El exitismo mata las mejores ideas y propuestas. Impide ver más allá. Domestica la audacia y nos deja expuestos a la frialdad de una calculadora. Siempre con el banal argumento del peso que tiene la historia, como si la historia ganara partidos porque reverdecerá al fútbol hecho leyenda, el que nos da nostalgia, porque somos nostálgicos y maradonianos por demás.
Los ansiolíticos no hicieron falta esta vez y siguieron guardados en el botiquín, las cábalas o los cuernitos perdieron peso específico y el país se sacudió la ansiedad futbolera con Messi en su mejor versión, los dos goles de Julián Alvarez y la solidez de una selección convencida de a qué juega. En bloque, como si fuera el pronóstico del tiempo cuando no falla, que da garantías pero no bancarias y que, sí nos permiten el juego de palabras, se dio el lujo de dejar en el banco al ancho de basto: Angelito Di María.
Todo eso junto terminó con los miedos previos, casi paralizantes, por ese catecismo de poco sustento que detiene la mirada en los méritos ajenos y empequeñece los propios. Nos pintaban a Modric como una mezcla letal de Cruyff y Platini. Para no exagerar con Pelé. Pero el que apareció una vez más fue ese jugador hecho estampita, nacido en Rosario, criado en la Masía de Barcelona y que ahora irá por el título que le falta.
El festejo de estas horas se adivina bien internacionalista. De Bangladesh a Buenos Aires y con escalas en las principales capitales del mundo donde haya un solo argentino. Curiosa sensación que hacen posible el fútbol y su principal figura, un Maradona reencarnado, de perfil más bajo, no tan político pero siempre determinante con sus filigranas sobre el verde césped.
En Croacia los medios hablan de “robo” por el penal que abrió el partido. El presidente socialdemócrata Zoran Milanović lo vio desde Chile. Está en visita oficial. Se reunió con Gabriel Boric, descendiente de croatas. Dos gobernantes progresistas que cuestionan la supervivencia del nazismo en el país del Mariscal Tito, arquitecto comunista de la ex Yugoslavia.
Croacia tiene antiguos problemas con las ideas supremacistas. No contaminaron su fútbol-juego, de buen pie, respetado en el mundo deportivo, pero sí ensuciaron su círculo multitudinario y permearon hacia ciertos jugadores y autoridades.

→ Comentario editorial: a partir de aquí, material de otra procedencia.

(* Let $m,n,r\ge1$ and let $\sigma:I^m\to J^r(\mathbb R^m,\mathbb R^n)$ be a section with $\sigma^{(r-1)}=0$. Then one can write $\sigma=\sum_\beta\sigma_\beta$, the sum ranging over multi-indices $\beta=(\beta_1,\dots,\beta_k)$ with $1\le\beta_j\le m$ and $k=|\beta|\le r$ (up to permutation), for sections $\sigma_\beta:I^m\to J^r(\mathbb R^m,\mathbb R^n)$ such that: each $\sigma_\beta$ is primitive with respect to the constant hyperplane field $\tau_\beta=\ker(dx_{\beta_1}+\dots+dx_{\beta_k})$; each $\sigma_\beta$ depends smoothly on $\sigma$; and if $\sigma=0$ on an open neighborhood of a closed subset $A\subset I^m$, then every $\sigma_\beta=0$ on an open neighborhood of $A$.
   Context: $I=[-1,1]$. $J^r(\mathbb R^m,\mathbb R^n)\cong\mathbb R^m\times(\mathcal P_r)^n$ via Taylor polynomials of degree $\le r$, with linear structure (sum of sections) from $\mathbb R^n$; $\sigma^{(r-1)}$ is the truncation to degree $\le r-1$. A section $\sigma$ is primitive with respect to a hyperplane field $\tau$ if $\sigma^\perp=0$, where $\sigma^\perp(x)$ for $\sigma(x)=j^r(h)(x)$ consists of the $(r-1)$-jet of $h$ at $x$ and the derivatives $\partial_\nu\partial_\alpha h(x)$, $|\alpha|=r-1$, $\nu\in\tau_x$. *)

From HB Require Import structures.
From mathcomp Require Import all_boot all_order all_algebra.
From mathcomp Require Import reals.
From mathcomp Require Import mpoly.
Set Implicit Arguments. Unset Strict Implicit. Unset Printing Implicit Defensive.
Import Order.TTheory GRing.Theory Num.Theory.
Local Open Scope ring_scope.

Definition point (R : realType) (m : nat) := 'I_m -> R.

Definition in_cube (R : realType) (m : nat) (x : point R m) : Prop :=
  forall i, -1 <= x i <= 1.
(* $P_2 < P_1$, i.e. $P_2\le P_1$ but not $P_1\le P_2$. Moreover, for every finite digraph $G$ with $G<P_1$ we have $G\le P_2$; that is, $P_2$ is the unique coatom (unique greatest lower bound of $P_1$) of $\mathfrak P_{\mathrm{Digraphs}}$.
   Context: A digraph is a pair $(V,E)$ with $E\subseteq V^2$. A homomorphism maps edges to edges; homomorphic equivalence means homomorphisms in both directions. A primitive positive formula is $\exists y_1,\dots,y_n(\psi_1\wedge\dots\wedge\psi_m)$ where each $\psi_i$ is $\bot$, $z_1=z_2$, or $E(z_1,z_2)$. For $H=(V,E)$, a pp power of dimension $d$ is the digraph on $V^d$ with edges $\{(u,v): \phi(u,v)\text{ holds in }H\}$ for a pp formula $\phi(x_1,\dots,x_d,y_1,\dots,y_d)$. $H\le G$ means $G$ is homomorphically equivalent to a pp power of $H$; $H<G$ means $H\le G$ and not $G\le H$; $\mathfrak P_{\mathrm{Digraphs}}$ is the poset of finite digraphs modulo mutual $\le$. $P_1$ is one vertex with no edges; $P_2$ has vertices $\{0,1\}$ and the single edge $(0,1)$. *)

From Stdlib Require Import List.
From mathcomp Require Import all_boot.
Set Implicit Arguments. Unset Strict Implicit. Unset Printing Implicit Defensive.

Record digraph := Digraph { vert : finType; edge : vert -> vert -> Prop }.

Definition hom (G H : digraph) (f : vert G -> vert H) : Prop :=
  forall u v, edge u v -> edge (f u) (f v).
Definition hom_exists (G H : digraph) : Prop := exists f, @hom G H f.
Definition hom_equiv (G H : digraph) : Prop := hom_exists G H /\ hom_exists H G.

Inductive atom (k : nat) : Type :=
| ABot : atom k
| AEq : 'I_k -> 'I_k -> atom k
| AEdge : 'I_k -> 'I_k -> atom k.

(* A primitive positive formula with m free variables:
   exists y_1..y_n (psi_1 /\ ... /\ psi_r); the atoms range over the
   m free variables followed by the n quantified variables. *)
Record ppformula (m : nat) := PPFormula {
  pp_nex : nat;
  pp_atoms : seq (atom (m + pp_nex)) }.

Definition atom_holds (H : digraph) (k : nat) (s : 'I_k -> vert H) (a : atom k)
  : Prop :=
  match a with
  | ABot => False
  | AEq i j => s i = s j
  | AEdge i j => edge (s i) (s j)
  end.

Definition join_assign (T : Type) (m n : nat) (a : 'I_m -> T) (b : 'I_n -> T)
  (i : 'I_(m + n)) : T :=
  match split i with inl j => a j | inr j => b j end.

Definition pp_holds (H : digraph) (m : nat) (phi : ppformula m)
  (a : 'I_m -> vert H) : Prop :=
  exists b : 'I_(pp_nex phi) -> vert H,
    List.Forall (atom_holds (join_assign a b)) (pp_atoms phi).

Definition pp_power (H : digraph) (d : nat) (phi : ppformula (d + d)) : digraph :=
  @Digraph {ffun 'I_d -> vert H}
    (fun u v => pp_holds phi (join_assign (fun i => u i) (fun i => v i))).

Definition pp_le (H G : digraph) : Prop :=
  exists (d : nat) (phi : ppformula (d + d)), 0 < d /\ hom_equiv G (@pp_power H d phi).
Definition pp_lt (H G : digraph) : Prop := pp_le H G /\ ~ pp_le G H.

Definition P1 : digraph := @Digraph unit (fun _ _ => False).
Definition P2 : digraph := @Digraph bool (fun a b => a = false /\ b = true).

From mathcomp Require Import all_boot.
From Stdlib Require Import Classical.

Set Implicit Arguments.
Unset Strict Implicit.
Unset Printing Implicit Defensive.

(* The pp powers of P1 have a single vertex, so P1 <= G forces G to be
   edgeless or to have a loop, and conversely every nonempty such G is
   equivalent to a pp power of any nonempty digraph (by the formulas bot and
   true).  P2 has an edge but no loop, whence P2 < P1.  If G < P1 then G is
   nonempty and, by the above, has an edge but no loop; such a G is below P2,
   because the pp power of G given by x1 = x2 /\ E(y1, y2) is homomorphically
   equivalent to P2: its edges go from diagonal pairs to non-diagonal ones. *)

Lemma join_assign_lshift T m n (a : 'I_m -> T) (b : 'I_n -> T) (i : 'I_m) :
  join_assign a b (lshift n i) = a i.
Proof. by rewrite /join_assign (unsplitK (inl i)). Qed.

Lemma join_assign_rshift T m n (a : 'I_m -> T) (b : 'I_n -> T) (i : 'I_n) :
  join_assign a b (rshift m i) = b i.
Proof. by rewrite /join_assign (unsplitK (inr i)). Qed.

Section PPVariables.

Variables (T : Type) (d n : nat).

Definition xvar (i : 'I_d) : 'I_(d + d + n) := lshift n (lshift d i).
Definition yvar (i : 'I_d) : 'I_(d + d + n) := lshift n (rshift d i).

Lemma join_assign_xvar (u v : 'I_d -> T) (b : 'I_n -> T) i :
  join_assign (join_assign u v) b (xvar i) = u i.
Proof. by rewrite /xvar !join_assign_lshift. Qed.

Lemma join_assign_yvar (u v : 'I_d -> T) (b : 'I_n -> T) i :
  join_assign (join_assign u v) b (yvar i) = v i.
Proof. by rewrite /yvar join_assign_lshift join_assign_rshift. Qed.

End PPVariables.

Definition pp_false m : ppformula m := @PPFormula m 0 [:: ABot _].
Definition pp_true m : ppformula m := @PPFormula m 0 [::].

Lemma pp_holds_false H m (a : 'I_m -> vert H) : ~ pp_holds (pp_false m) a.
Proof. by case=> b /List.Forall_cons_iff []. Qed.

Lemma pp_holds_true H m (a : 'I_m -> vert H) : pp_holds (pp_true m) a.
Proof. by exists (ffun0 (card_ord 0)). Qed.

Definition phi_diag_edge : ppformula (2 + 2) :=
  @PPFormula _ 0 [:: AEq (xvar 0 ord0) (xvar 0 ord_max);
                     AEdge (yvar 0 ord0) (yvar 0 ord_max)].

Lemma pp_power_diag_edgeE G (u v : {ffun 'I_2 -> vert G}) :
  @edge (pp_power G phi_diag_edge) u v <->
  u ord0 = u ord_max /\ edge (v ord0) (v ord_max).
Proof.
rewrite /= /pp_holds /=; split.
- case=> b /List.Forall_cons_iff [/= u_eq /List.Forall_cons_iff [/= v_edge _]].
  by move: u_eq v_edge; rewrite !join_assign_xvar !join_assign_yvar.
- case=> u_eq v_edge; exists (ffun0 (card_ord 0)).
  apply/List.Forall_cons_iff; split; first by rewrite /= !join_assign_xvar.
  apply/List.Forall_cons_iff; split; last exact: List.Forall_nil.
  by rewrite /= !join_assign_yvar.
Qed.

Lemma pp_le_inhabited H G : pp_le H G -> vert G -> inhabited (vert H).
Proof.
by case=> d [phi [d_gt0 [[f _] _]]] g; constructor; exact: f g (Ordinal d_gt0).
Qed.

Lemma pp_le_edgeless H G (h : vert H) (g : vert G) :
  (forall u v : vert G, ~ edge u v) -> pp_le H G.
Proof.
move=> G_edgeless; exists 1, (pp_false 2); split=> //; split.
- by exists (fun=> [ffun=> h]) => u v /G_edgeless.
- by exists (fun=> g) => u v /pp_holds_false.
Qed.

Lemma pp_le_loop H G (h : vert H) (w : vert G) : edge w w -> pp_le H G.
Proof.
move=> ww; exists 1, (pp_true 2); split=> //; split.
- by exists (fun=> [ffun=> h]) => u v _; exact: pp_holds_true.
- by exists (fun=> w).
Qed.

Lemma pp_le_subsingleton_loop H G (u v : vert G) :
  (forall x y : vert H, x = y) -> pp_le H G -> edge u v -> exists w, @edge G w w.
Proof.
move=> H_sub [d [phi [_ [[f hom_f] [g hom_g]]]]] uv.
have fuv : f u = f v by apply/ffunP => i; exact: H_sub.
by exists (g (f u)); apply: hom_g; rewrite {2}fuv; exact: hom_f.
Qed.

Lemma pp_le_loopless_P2 G (a b : vert G) :
  edge a b -> (forall w : vert G, ~ edge w w) -> pp_le G P2.
Proof.
move=> ab G_loopless; exists 2, phi_diag_edge; split=> //; split.
- exists (fun x : bool => [ffun i : 'I_2 => if x && (i == ord_max) then b else a]).
  by move=> x y [-> ->]; apply/pp_power_diag_edgeE; rewrite !ffunE.
- exists (fun p : {ffun 'I_2 -> vert G} => p ord0 != p ord_max).
  move=> p q /pp_power_diag_edgeE [p_eq q_edge]; rewrite p_eq eqxx; split=> //.
  by apply/eqP => q_eq; apply: (G_loopless (q ord0)); rewrite {2}q_eq.
Qed.

Lemma P2_edge : @edge P2 false true.
Proof. by []. Qed.

Lemma P2_loopless (w : vert P2) : ~ edge w w.
Proof. by case=> -> . Qed.

Theorem mainTheorem3 :
  pp_lt P2 P1 /\ (forall G : digraph, pp_lt G P1 -> pp_le G P2).
Proof.
have P1_subsingleton (x y : vert P1) : x = y by case: x; case: y.
split.
  split; first by apply: (@pp_le_edgeless P2 P1 false tt) => u v [].
  move=> le_P1_P2.
  have [w] := pp_le_subsingleton_loop P1_subsingleton le_P1_P2 P2_edge.
  exact: P2_loopless.
move=> G [le_G_P1 nle_P1_G].
have [g] := pp_le_inhabited le_G_P1 tt.
have [[w ww]|no_loop] := classic (exists w : vert G, edge w w).
  by case: nle_P1_G; exact: (@pp_le_loop P1 G tt w).
have [[a [b ab]]|no_edge] := classic (exists a b : vert G, edge a b).
  by apply: (pp_le_loopless_P2 ab) => w ww; apply: no_loop; exists w.
case: nle_P1_G; apply: (@pp_le_edgeless P1 G tt g) => u v uv.
by apply: no_edge; exists u, v.
Qed.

Los hinchas pasean su neonazismo por Europa. Sucedió en Italia en septiembre último con los de Dinamo Zagreb en una fecha de la Champions League. Camino al San Ciro de Milán marcharon con el brazo derecho en alto, al grito de Sieg Heil. Davor Suker, su ex futbolista estrella, cuando integraba el Real Madrid, visitó la tumba de Ante Pavelic, el líder ustasha y aliado de Hitler que se ocultó durante años en la Argentina.
Dos misceláneas de cómo se vive el fútbol en Europa, en esta actualidad de fascismo explícito. Por fortuna, en América Latina advertimos que ese tipo de bochornos ocurren más esporádicamente. Ni en el Brasil del ultraderechista Jair Bolsonaro son tan frecuentes esas expresiones en la escenografía futbolera. Sí, claro, en la periferia que lo rodea.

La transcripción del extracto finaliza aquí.